(* Let $N\ge 3$ and let $\mathbf{g}=\mathbf{1}_{[0,W-1]}\in\mathbb{R}^N$ be the rectangular window ($\mathbf{g}[n]=1$ for $0\le n\le W-1$ and $0$ for $W\le n\le N-1$). Suppose (1) $2\le W\le N-1$, and (2) $N$ is coprime to $W$ and to $W-1$. Then for every non-vanishing $\mathbf{x}\in\mathbb{C}^N$, the algebraic algorithm described in the context, applied to the STFT magnitude $|\mathbf{X}[m,k]|^2$ of $\mathbf{x}$ with this window and $L=1$, outputs $e^{i\phi}\mathbf{x}$ for some $\phi\in\mathbb{R}$.
   Context: A vector $\mathbf{x}$ is non-vanishing if $\mathbf{x}[n]\ne0$ for all $n$. Signals and windows are indexed by $\{0,\dots,N-1\}$ and extended $N$-periodically. The STFT of $\mathbf{x}\in\mathbb{C}^N$ with window $\mathbf{g}$ and step $L=1$ is $\mathbf{X}[m,k]=\sum_{n=0}^{N-1}\mathbf{x}[n]\mathbf{g}[m-n]e^{-2\pi i kn/N}$, $m,k=0,\dots,N-1$. Algebraic algorithm: given $\mathbf{Y}[m,k]=|\mathbf{X}[m,k]|^2$, (1) compute $\mathbf{Z}[m,\ell]=\sum_{k=0}^{N-1}\mathbf{Y}[m,k]e^{-2\pi i k\ell/N}$ and $\mathbf{z}_\ell=(\mathbf{Z}[m,\ell])_{m=0}^{N-1}$; (2) for $\ell=0,1$ compute $\mathbf{x}_\ell=\frac1N\mathbf{G}_\ell^{-1}\mathbf{z}_\ell$, where $\mathbf{G}_\ell$ is the $N\times N$ circulant matrix with first column $(\mathbf{g}[m]\overline{\mathbf{g}[(m-\ell)\bmod N]})_{m=0}^{N-1}$, and set $\hat{\mathbf{x}}[0]=\sqrt{\mathbf{x}_0[0]}$; (3) recursively for $n=0,\dots,N-2$ define $\hat{\mathbf{x}}[n+1]$ by $\overline{\hat{\mathbf{x}}[n+1]}=\mathbf{x}_1[n]/\hat{\mathbf{x}}[n]$; output $\hat{\mathbf{x}}$. *)

From HB Require Import structures.
From mathcomp Require Import all_boot all_order all_algebra.
From mathcomp Require Import all_classical all_reals.
From mathcomp Require Import exp trigo.
From mathcomp Require Import complex.
Set Implicit Arguments. Unset Strict Implicit. Unset Printing Implicit Defensive.
Import Order.TTheory GRing.Theory Num.Theory ComplexField.
Local Open Scope ring_scope.
Local Open Scope complex_scope.

Section STFT.
Variable R : realType.
Local Notation C := R[i].

Definition expi (t : R) : C := (cos t) +i* (sin t).

Definition twiddle (N k n : nat) : C :=
  expi (- (2 * pi * (k * n)%N%:R / N%:R)).

(* Signals/windows are functions nat -> C; only indices 0..N-1 matter,
   and they are extended N-periodically through (_ %% N). *)
Definition stft (N : nat) (g x : nat -> C) (m k : nat) : C :=
  \sum_(n < N) x n * g ((m + N - n) %% N)%N * twiddle N k n.

Definition stft_mag2 (N : nat) (g x : nat -> C) (m k : nat) : C :=
  `|stft N g x m k| ^+ 2.

Definition rect_window (N W : nat) (n : nat) : C :=
  if (n %% N < W)%N then 1 else 0.

Definition Zcoef (N : nat) (Y : nat -> nat -> C) (m l : nat) : C :=
  \sum_(k < N) Y m k * twiddle N k l.

Definition zvec (N : nat) (Y : nat -> nat -> C) (l : nat) : 'cV[C]_N :=
  \col_(m < N) Zcoef N Y m l.

Definition Gcol (N : nat) (g : nat -> C) (l m : nat) : C :=
  g (m %% N)%N * (g ((m + N - l %% N) %% N)%N)^*.

Definition Gmat (N : nat) (g : nat -> C) (l : nat) : 'M[C]_N :=
  \matrix_(i < N, j < N) Gcol N g l ((i + N - j) %% N)%N.

Definition xl_vec (N : nat) (g : nat -> C) (Y : nat -> nat -> C) (l : nat)
  : 'cV[C]_N := (N%:R)^-1 *: (invmx (Gmat N g l) *m zvec N Y l).

(* reading entry n of a column vector (0 outside 0..N-1) *)
Definition vget (N : nat) (v : 'cV[C]_N) (n : nat) : C :=
  odflt 0 (omap (fun i : 'I_N => v i ord0) (insub n)).

Definition xl (N : nat) (g : nat -> C) (Y : nat -> nat -> C) (l n : nat) : C :=
  vget (xl_vec N g Y l) n.

Fixpoint xhat (N : nat) (g : nat -> C) (Y : nat -> nat -> C) (n : nat) : C :=
  match n with
  | 0 => sqrtC (xl N g Y 0 0)
  | n'.+1 => (xl N g Y 1 n' / xhat N g Y n')^*
  end.

Definition algebraic_algorithm (N : nat) (g : nat -> C) (Y : nat -> nat -> C)
  : nat -> C := xhat N g Y.

End STFT.

Arguments expi {R} t.
Arguments twiddle {R} N k n.
Arguments stft {R} N g x m k.
Arguments stft_mag2 {R} N g x m k.
Arguments rect_window {R} N W n.
Arguments Zcoef {R} N Y m l.
Arguments zvec {R} N Y l.
Arguments Gcol {R} N g l m.
Arguments Gmat {R} N g l.
Arguments xl_vec {R} N g Y l.
Arguments vget {R} N v n.
Arguments xl {R} N g Y l n.
Arguments xhat {R} N g Y n.
Arguments algebraic_algorithm {R} N g Y _.

From mathcomp Require Import all_boot all_order all_algebra.
From mathcomp Require Import all_classical all_reals.
From mathcomp Require Import trigo complex.
From mathcomp Require Import zify ring lra.
Set Implicit Arguments.
Unset Strict Implicit.
Unset Printing Implicit Defensive.
Import Order.TTheory GRing.Theory Num.Theory ComplexField.
Local Open Scope ring_scope.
------------------------------------
### ABOUT THIS EXERCISE:
The answer must consist of every line from the data that holds the string "trigo".

### ANSWER SECTION:
From mathcomp Require Import exp trigo.
From mathcomp Require Import trigo complex.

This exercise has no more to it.